# New Stove Trouble Triple Coil Cyl



## Bailie11 (22 Nov 2011)

Hi, have installed a new boiler stove. It's a Nestor Martin Stanford 140B.  Installed with 1" pipes, 3 speed pump and also stat located near stove.

Linked into existing sytem of 300L triple coil cylinder.  We've OFCH & 60 solar tubes.  Haven't had oil on since last Fri.

From 9am this morning fire was going & solar generating but rads did not start to get warm until 12 noon.  Even at 12 the rads are only reaching cool to luke warm.  Was a bit dissapointed after investing so much in this new system.  

Noticed last night that the hw cylinder was reading 65 deg but this morning 55.  This had been set to dump heat to rads once tank temp reaches over 65.

Looking for advice on where we could be losing this heat & should the rads be getting warmer than this without the oil?  

Sorry should add house is 2600 sq ft, 15 rads in total.  8 large, 4 medium & 3 small.  Some turned off.

Thanks


----------



## Shane007 (23 Nov 2011)

Bailie11 said:


> Hi, have installed a new boiler stove. It's a Nestor Martin Stanford 140B. Installed with 1" pipes, 3 speed pump and also stat located near stove.
> 
> Linked into existing sytem of 300L triple coil cylinder. We've OFCH & 60 solar tubes. Haven't had oil on since last Fri.
> 
> ...


 
Firstly, you need to check that one system is not heating up while the other is on, i.e. when the oil is on, the stove itself is not getting warm and vice versa. If it is this will certainly take a lot of heat from the system.



Bailie11 said:


> Noticed last night that the hw cylinder was reading 65 deg but this morning 55. This had been set to dump heat to rads once tank temp reaches over 65.


 
The system should be set to turn on dump at 75C and turn off dump at 65C. If the cylinder is a stainless steel cylinder the heat loss overnight should be approx 5C and if the cylinder is copper, then it should be approx 10-15C or more depending on the insulation.



Bailie11 said:


> From 9am this morning fire was going & solar generating but rads did not start to get warm until 12 noon. Even at 12 the rads are only reaching cool to luke warm. Was a bit dissapointed after investing so much in this new system.
> 
> Looking for advice on where we could be losing this heat & should the rads be getting warmer than this without the oil?
> 
> Sorry should add house is 2600 sq ft, 15 rads in total. 8 large, 4 medium & 3 small. Some turned off.


 
This could be an issue with the installation. Did you put down a good fire? Why not get the installer back for advice as he will know exactly what he done the pipework. 

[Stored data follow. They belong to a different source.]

Lemma RRinv_comm : R⁻¹ ∘ V ⊆ W ∘ R⁻¹ -> R ∘ W ⊆ V ∘ R -> R ∘ R⁻¹ ∘ V ⊆ V ∘ (R ∘ R⁻¹).
Proof.
  intros HV HW; apply rle_trans with (R ∘ W ∘ R⁻¹).
  - rewrite !rcomp_assoc; apply rcomp_mono; [apply rle_refl | exact HV].
  - rewrite <- rcomp_assoc; apply rcomp_mono; [exact HW | apply rle_refl].
Qed.

Hypothesis difunctional : R ∘ R⁻¹ ∘ R = R.
Hypothesis refl_A : forall a, (R ∘ R⁻¹) a a = one.
Hypothesis refl_B : forall b, (R⁻¹ ∘ R) b b = one.

Lemma rcomp_R_RinvR : R ∘ (R⁻¹ ∘ R) = R.
Proof. rewrite <- rcomp_assoc; exact difunctional. Qed.

Lemma rcomp_RinvR_Rinv : R⁻¹ ∘ R ∘ R⁻¹ = R⁻¹.
Proof.
  transitivity (R ∘ R⁻¹ ∘ R)⁻¹; [now rewrite !rinv_rcomp, rcomp_assoc |].
  now rewrite difunctional.
Qed.

Lemma RinvR_sandwich : R⁻¹ ∘ V ⊆ W ∘ R⁻¹ -> R ∘ W ⊆ V ∘ R ->
  R⁻¹ ∘ R ∘ W ∘ (R⁻¹ ∘ R) = R⁻¹ ∘ V ∘ R.
Proof.
  intros HV HW; apply rle_antisym.
  - apply rle_trans with (R⁻¹ ∘ (V ∘ R) ∘ (R⁻¹ ∘ R)).
    + rewrite (rcomp_assoc R⁻¹ R W).
      apply rcomp_mono; [apply rcomp_mono |]; auto using rle_refl.
    + rewrite !rcomp_assoc, rcomp_R_RinvR; apply rle_refl.
  - apply rle_trans with (W ∘ R⁻¹ ∘ R); [apply rcomp_mono; auto using rle_refl |].
    rewrite (rcomp_assoc W), (rcomp_assoc (R⁻¹ ∘ R) W).
    apply rcomp_refl_l, refl_B.
Qed.

Lemma Rinv_simulation_of_sandwich : R⁻¹ ∘ R ∘ W ∘ (R⁻¹ ∘ R) = R⁻¹ ∘ V ∘ R ->
  R⁻¹ ∘ R ∘ W ⊆ W ∘ (R⁻¹ ∘ R) -> R⁻¹ ∘ V ⊆ W ∘ R⁻¹.
Proof.
  intros Hs Hc; apply rle_trans with (R⁻¹ ∘ V ∘ R ∘ R⁻¹).
  { rewrite (rcomp_assoc (R⁻¹ ∘ V)); apply rcomp_refl_r, refl_A. }
  rewrite <- Hs, (rcomp_assoc _ (R⁻¹ ∘ R) R⁻¹), rcomp_RinvR_Rinv.
  apply rle_trans with (W ∘ (R⁻¹ ∘ R) ∘ R⁻¹); [apply rcomp_mono; auto using rle_refl |].
  rewrite rcomp_assoc, rcomp_RinvR_Rinv; apply rle_refl.
Qed.

Lemma R_simulation_of_sandwich : R⁻¹ ∘ R ∘ W ∘ (R⁻¹ ∘ R) = R⁻¹ ∘ V ∘ R ->
  R ∘ R⁻¹ ∘ V ⊆ V ∘ (R ∘ R⁻¹) -> R ∘ W ⊆ V ∘ R.
Proof.
  intros Hs Hc; apply rle_trans with (R ∘ W ∘ (R⁻¹ ∘ R)); [apply rcomp_refl_r, refl_B |].
  replace (R ∘ W ∘ (R⁻¹ ∘ R)) with (R ∘ (R⁻¹ ∘ R ∘ W ∘ (R⁻¹ ∘ R)))
    by now rewrite <- (rcomp_assoc R (R⁻¹ ∘ R ∘ W)), <- (rcomp_assoc R (R⁻¹ ∘ R)),
      rcomp_R_RinvR.
  rewrite Hs, <- !rcomp_assoc.
  apply rle_trans with (V ∘ (R ∘ R⁻¹) ∘ R); [apply rcomp_mono; auto using rle_refl |].
  rewrite rcomp_assoc, difunctional; apply rle_refl.
Qed.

My money is on if the route to the cylinder is gravity (& it should be) this will naturally grab most of the heat & you will be heating at least 200L of the cylinder with the stove. Heat will always want to take the easiest route. Once the cylinder it at temperature, do the radiators get warmer?

Is the circulating pump on the 1" pipework or is it on the 3/4" pipework to the radiators?


----------



## Bailie11 (23 Nov 2011)

Thanks Shane, 
the oil has been turned off since last Friday so that we could see what the output from this new stove would be.

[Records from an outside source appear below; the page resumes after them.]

(* Consider each of the following smooth families of functions $F_{\mathbf c,\mathbf s}:\mathbb{R}^2\to\mathbb{R}$ of $\mathbf x=(x,y)$, with parameters $\mathbf c$ (possibly absent) and $\mathbf s=(s_1,s_2)$, together with the induced family of maps $\mathbf f_{\mathbf c}:\mathbb{R}^2\to\mathbb{R}^2$ between planes, and the associated number $N$: (1) Fold ($A_2$), $N=2$: $F_{\mathbf s}=-s_1x+s_2y+\tfrac12x^2-\tfrac13y^3$, $\mathbf f(x,y)=(x,\,y^2)$. (2) Cusp ($A_3$), $N=3$: $F_{\mathbf s}=-s_1x+s_2y+\tfrac12x^2-\tfrac12s_1y^2-\tfrac14y^4$, $\mathbf f(x,y)=(x,\,xy+y^3)$. (3) Swallowtail ($A_4$), $N=4$: $F_{c,\mathbf s}=s_1x-s_2y-\tfrac12s_2x^2+\tfrac12y^2-\tfrac13cx^3-\tfrac15x^5$, $\mathbf f_c(x,y)=(xy+cx^2+x^4,\,y)$. (4) Elliptic umbilic ($D_4^-$), $N=4$: $F_{c,\mathbf s}=s_1x+s_2y+c(x^2+y^2)+x^3-3xy^2$, $\mathbf f_c(x,y)=(3y^2-3x^2-2cx,\,6xy-2cy)$. (5) Hyperbolic umbilic ($D_4^+$), $N=4$: $F_{c,\mathbf s}=s_1x+s_2y+cxy+x^3+y^3$, $\mathbf f_c(x,y)=(-3x^2-cy,\,-3y^2-cx)$. (6) Butterfly ($A_5$), $N=5$: $F_{\mathbf c,\mathbf s}=x^6+c_1x^4+c_2x^3+s_2x^2+s_1x+\tfrac12y^2-s_2y$, $\mathbf f_{\mathbf c}(x,y)=(-2xy-3c_2x^2-4c_1x^3-6x^5,\,y)$. (7) Parabolic umbilic ($D_5$), $N=5$: $F_{\mathbf c,\mathbf s}=x^2y+y^4+c_1x^2+c_2y^2-s_1x-s_2y$, $\mathbf f_{\mathbf c}(x,y)=(2c_1x+2xy,\,2c_2y+x^2+4y^3)$. (8) Wigwam ($A_6$), $N=6$: $F_{\mathbf c,\mathbf s}=x^7+c_1x^5+c_2x^4+c_3x^3+s_2x^2+s_1x+\tfrac12y^2-s_2y$, $\mathbf f_{\mathbf c}(x,y)=(-2xy-3c_3x^2-4c_2x^3-5c_1x^4-7x^6,\,y)$. (9) Symbolic umbilic ($E_6$), $N=6$: $F_{\mathbf c,\mathbf s}=x^3+y^4+c_1xy^2+c_2xy+c_3y^2+s_2y+s_1x$, $\mathbf f_{\mathbf c}(x,y)=(-3x^2-c_1y^2-c_2y,\,-4y^3-2c_1xy-c_2x-2c_3y)$. (10) $2^{\rm nd}$ elliptic umbilic ($D_6^-$), $N=6$: $F_{\mathbf c,\mathbf s}=x^2y-y^5+c_1y^4+c_2y^3+c_3y^2+s_2y+s_1x$, $\mathbf f_{\mathbf c}(x,y)=(-2xy,\,-x^2+5y^4-4c_1y^3-3c_2y^2-2c_3y)$. (11) $2^{\rm nd}$ hyperbolic umbilic ($D_6^+$), $N=6$: $F_{\mathbf c,\mathbf s}=x^2y+y^5+c_1y^4+c_2y^3+c_3y^2+s_2y+s_1x$, $\mathbf f_{\mathbf c}(x,y)=(-2xy,\,-x^2-5y^4-4c_1y^3-3c_2y^2-2c_3y)$. For any of these families, any parameter value $\mathbf c$, and any non-caustic point $\mathbf s$ lying in the region of the target plane giving rise to the maximum number $N$ of real pre-images $\mathbf x_1,\dots,\mathbf x_N$ (i.e. critical points of $F_{\mathbf c,\mathbf s}$), the magnifications $\mathfrak M_i=\mathfrak M(\mathbf x_i;\mathbf s)$ satisfy $$\sum_{i=1}^{N}\mathfrak M_i=0.$$
   Context: For each family, a critical point $\mathbf x_0$ of $F_{\mathbf c,\mathbf s}$ (i.e. $\operatorname{grad}F_{\mathbf c,\mathbf s}(\mathbf x_0)=\mathbf 0$) is the same as a pre-image of $\mathbf s$ under $\mathbf f_{\mathbf c}$, i.e. $\mathbf f_{\mathbf c}(\mathbf x_0)=\mathbf s$. The magnification at such a point is $\mathfrak M(\mathbf x_0;\mathbf s)=1/\mathrm{Gauss}(\mathbf x_0,F_{\mathbf c,\mathbf s}(\mathbf x_0))$, the reciprocal of the Gaussian curvature of the graph of $F_{\mathbf c,\mathbf s}$ at that point; this equals $1/\det(\operatorname{Hess}F_{\mathbf c,\mathbf s})(\mathbf x_0)=1/\det(\operatorname{Jac}\mathbf f_{\mathbf c})(\mathbf x_0)$. A caustic point is a target point $\mathbf s$ that is the image under $\mathbf f_{\mathbf c}$ of a point where $\det(\operatorname{Jac}\mathbf f_{\mathbf c})=0$; a non-caustic point is one that is not caustic, so all its magnifications are finite. *)

From Stdlib Require Import Reals List.
From Coquelicot Require Import Coquelicot.
Import ListNotations.
Open Scope R_scope.

Inductive catastrophe : Type :=
  | Fold | Cusp | Swallowtail | EllipticUmbilic | HyperbolicUmbilic
  | Butterfly | ParabolicUmbilic | Wigwam | SymbolicUmbilic
  | EllipticUmbilic2 | HyperbolicUmbilic2.

Definition Nmax (fam : catastrophe) : nat :=
  match fam with
  | Fold => 2 | Cusp => 3
  | Swallowtail | EllipticUmbilic | HyperbolicUmbilic => 4
  | Butterfly | ParabolicUmbilic => 5
  | Wigwam | SymbolicUmbilic | EllipticUmbilic2 | HyperbolicUmbilic2 => 6
  end.

(* The parameter vector c is given as (c1, c2, c3); families with fewer
   parameters ignore the unused components (families with a single
   parameter c use c1). *)

Definition Fpot (fam : catastrophe) (c1 c2 c3 s1 s2 x y : R) : R :=
  match fam with
  | Fold => - s1 * x + s2 * y + /2 * x^2 - /3 * y^3
  | Cusp => - s1 * x + s2 * y + /2 * x^2 - /2 * s1 * y^2 - /4 * y^4
  | Swallowtail => s1 * x - s2 * y - /2 * s2 * x^2 + /2 * y^2 - /3 * c1 * x^3 - /5 * x^5
  | EllipticUmbilic => s1 * x + s2 * y + c1 * (x^2 + y^2) + x^3 - 3 * x * y^2
  | HyperbolicUmbilic => s1 * x + s2 * y + c1 * x * y + x^3 + y^3
  | Butterfly => x^6 + c1 * x^4 + c2 * x^3 + s2 * x^2 + s1 * x + /2 * y^2 - s2 * y
  | ParabolicUmbilic => x^2 * y + y^4 + c1 * x^2 + c2 * y^2 - s1 * x - s2 * y
  | Wigwam => x^7 + c1 * x^5 + c2 * x^4 + c3 * x^3 + s2 * x^2 + s1 * x + /2 * y^2 - s2 * y
  | SymbolicUmbilic => x^3 + y^4 + c1 * x * y^2 + c2 * x * y + c3 * y^2 + s2 * y + s1 * x
  | EllipticUmbilic2 => x^2 * y - y^5 + c1 * y^4 + c2 * y^3 + c3 * y^2 + s2 * y + s1 * x
  | HyperbolicUmbilic2 => x^2 * y + y^5 + c1 * y^4 + c2 * y^3 + c3 * y^2 + s2 * y + s1 * x
  end.

Definition fmap1 (fam : catastrophe) (c1 c2 c3 x y : R) : R :=
  match fam with
  | Fold => x
  | Cusp => x
  | Swallowtail => x * y + c1 * x^2 + x^4
  | EllipticUmbilic => 3 * y^2 - 3 * x^2 - 2 * c1 * x
  | HyperbolicUmbilic => - 3 * x^2 - c1 * y
  | Butterfly => - 2 * x * y - 3 * c2 * x^2 - 4 * c1 * x^3 - 6 * x^5
  | ParabolicUmbilic => 2 * c1 * x + 2 * x * y
  | Wigwam => - 2 * x * y - 3 * c3 * x^2 - 4 * c2 * x^3 - 5 * c1 * x^4 - 7 * x^6
  | SymbolicUmbilic => - 3 * x^2 - c1 * y^2 - c2 * y
  | EllipticUmbilic2 => - 2 * x * y
  | HyperbolicUmbilic2 => - 2 * x * y
  end.

Definition fmap2 (fam : catastrophe) (c1 c2 c3 x y : R) : R :=
  match fam with
  | Fold => y^2
  | Cusp => x * y + y^3
  | Swallowtail => y
  | EllipticUmbilic => 6 * x * y - 2 * c1 * y
  | HyperbolicUmbilic => - 3 * y^2 - c1 * x
  | Butterfly => y
  | ParabolicUmbilic => 2 * c2 * y + x^2 + 4 * y^3
  | Wigwam => y
  | SymbolicUmbilic => - 4 * y^3 - 2 * c1 * x * y - c2 * x - 2 * c3 * y
  | EllipticUmbilic2 => - x^2 + 5 * y^4 - 4 * c1 * y^3 - 3 * c2 * y^2 - 2 * c3 * y
  | HyperbolicUmbilic2 => - x^2 - 5 * y^4 - 4 * c1 * y^3 - 3 * c2 * y^2 - 2 * c3 * y
  end.

Definition fmap (fam : catastrophe) (c1 c2 c3 : R) (p : R * R) : R * R :=
  (fmap1 fam c1 c2 c3 (fst p) (snd p), fmap2 fam c1 c2 c3 (fst p) (snd p)).

Definition jacdet (fam : catastrophe) (c1 c2 c3 : R) (p : R * R) : R :=
  let x := fst p in let y := snd p in
  Derive (fun t => fmap1 fam c1 c2 c3 t y) x * Derive (fun t => fmap2 fam c1 c2 c3 x t) y
  - Derive (fun t => fmap1 fam c1 c2 c3 x t) y * Derive (fun t => fmap2 fam c1 c2 c3 t y) x.

Definition magnification (fam : catastrophe) (c1 c2 c3 : R) (p : R * R) : R :=
  / jacdet fam c1 c2 c3 p.

Definition caustic (fam : catastrophe) (c1 c2 c3 : R) (s : R * R) : Prop :=
  exists p, fmap fam c1 c2 c3 p = s /\ jacdet fam c1 c2 c3 p = 0.

Definition sumR (l : list R) : R := fold_right Rplus 0 l.

From Stdlib Require Import Reals List.
From Coquelicot Require Import Coquelicot.
From Stdlib Require Import Lra Lia Permutation.
Import ListNotations.
Open Scope R_scope.

(* For each family one coordinate t of a pre-image determines the pre-image, and
   eliminating the other coordinate shows that t is a root of a polynomial P of degree N in t
   whose coefficients depend on s, while the Jacobian at the pre-image is P'(t) / g(t) for a
   polynomial g of degree at most N - 2.  The magnifications are then the values g(t_i) / P'(t_i)
   over the N distinct roots t_i of P, and their sum is the divided difference g[t_1, ..., t_N]
   divided by the leading coefficient of P; it vanishes because deg g < N - 1.
   Where the elimination degenerates (s on an axis of symmetry), two pre-images share the same
   t = r0 and together contribute g(r0) / P'(r0), so r0 plays the role of the missing root.  The
   fold, the hyperbolic umbilic with c = 0 and the symbolic umbilic with c1 = c2 = 0 are instead
   handled by a symmetry of the map that reverses the sign of the Jacobian. *)

Lemma sumR_app l l' : sumR (l ++ l') = sumR l + sumR l'.
Proof. induction l as [|a l IH]; simpl; [ring|rewrite IH; ring]. Qed.

Lemma sumR_perm l l' : Permutation l l' -> sumR l = sumR l'.
Proof. induction 1; simpl; lra. Qed.

Lemma sumR_map_ext_in {A : Type} (F G : A -> R) l :
  (forall a, In a l -> F a = G a) -> sumR (map F l) = sumR (map G l).
Proof. intros H. now rewrite (map_ext_in F G l H). Qed.

Lemma sumR_map_plus {A : Type} (F G : A -> R) l :
  sumR (map (fun a => F a + G a) l) = sumR (map F l) + sumR (map G l).
Proof. induction l as [|a l IH]; simpl; [ring|rewrite IH; ring]. Qed.

Lemma sumR_map_scal {A : Type} (c : R) (F : A -> R) l :
  sumR (map (fun a => c * F a) l) = c * sumR (map F l).
Proof. induction l as [|a l IH]; simpl; [ring|rewrite IH; ring]. Qed.

Lemma sumR_map_filter {A : Type} (F : A -> R) (b : A -> bool) l :
  sumR (map F l) = sumR (map F (filter b l)) + sumR (map F (filter (fun a => negb (b a)) l)).
Proof. induction l as [|a l IH]; simpl; [ring|]. destruct (b a); simpl; rewrite IH; ring. Qed.

(** * Polynomials as coefficient lists *)

Fixpoint peval (p : list R) (y : R) : R :=
  match p with [] => 0 | a :: q => a + y * peval q y end.

Fixpoint peval_deriv (p : list R) (y : R) : R :=
  match p with [] => 0 | _ :: q => peval q y + y * peval_deriv q y end.

Fixpoint pdiv_lin (r : R) (p : list R) : list R :=
  match p with
  | [] => []
  | _ :: q => match q with [] => [] | _ :: _ => peval q r :: pdiv_lin r q end
  end.

Definition prodR (l : list R) : R := fold_right Rmult 1 l.

Lemma peval_pdiv_lin r p y :
  peval p y = (y - r) * peval (pdiv_lin r p) y + peval p r.
Proof.
  induction p as [|a q IH]; simpl; [ring|].
  destruct q as [|b q']; simpl; [ring|].
  simpl in IH. rewrite IH. ring.
Qed.

Lemma peval_deriv_pdiv_lin r p y :
  peval_deriv p y = peval (pdiv_lin r p) y + (y - r) * peval_deriv (pdiv_lin r p) y.
Proof.
  induction p as [|a q IH]; simpl; [ring|].
  destruct q as [|b q']; [simpl; ring|].
  rewrite (peval_pdiv_lin r (b :: q') y) at 1. cbn [pdiv_lin peval_deriv peval] in *.
  rewrite IH. ring.
Qed.

Lemma length_pdiv_lin r p : length (pdiv_lin r p) = pred (length p).
Proof.
  induction p as [|a q IH]; [reflexivity|].
  destruct q as [|b q']; [reflexivity|]. simpl in *. now rewrite IH.
Qed.

Lemma last_pdiv_lin r p : (1 < length p)%nat -> last (pdiv_lin r p) 0 = last p 0.
Proof.
  induction p as [|a q IH]; simpl; [lia|]. intros Hlen.
  destruct q as [|b [|c q'']]; simpl in *; [lia|ring|].
  rewrite <- IH by (simpl; lia). reflexivity.
Qed.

Cylinder is a new copper cylinder. Will try change it to 75. This tank used to drop by only couple degrees overnight before the stove was installed.

The straightest route which we've gone for with the pipes are is out from the chimney breast to external wall (lagged, insulated & boxed in trunking), straight up along chimney breast to roof, in through attic, straight above hotpress & dropped down to cylinder. In total 4 1/2 lenghts of copper were used.

The pump is located beside the stove on the 1" pipes. It was left on setting 1 with a pipe stat for 35 degs to make pump kick in.

Rads are only getting to luke warm when cylinder is at the 65.  Fire was burning well for a few hours, couldn't leave your hand on the stove.

I will give the plumber a call but weren't sure if this could be something on our side.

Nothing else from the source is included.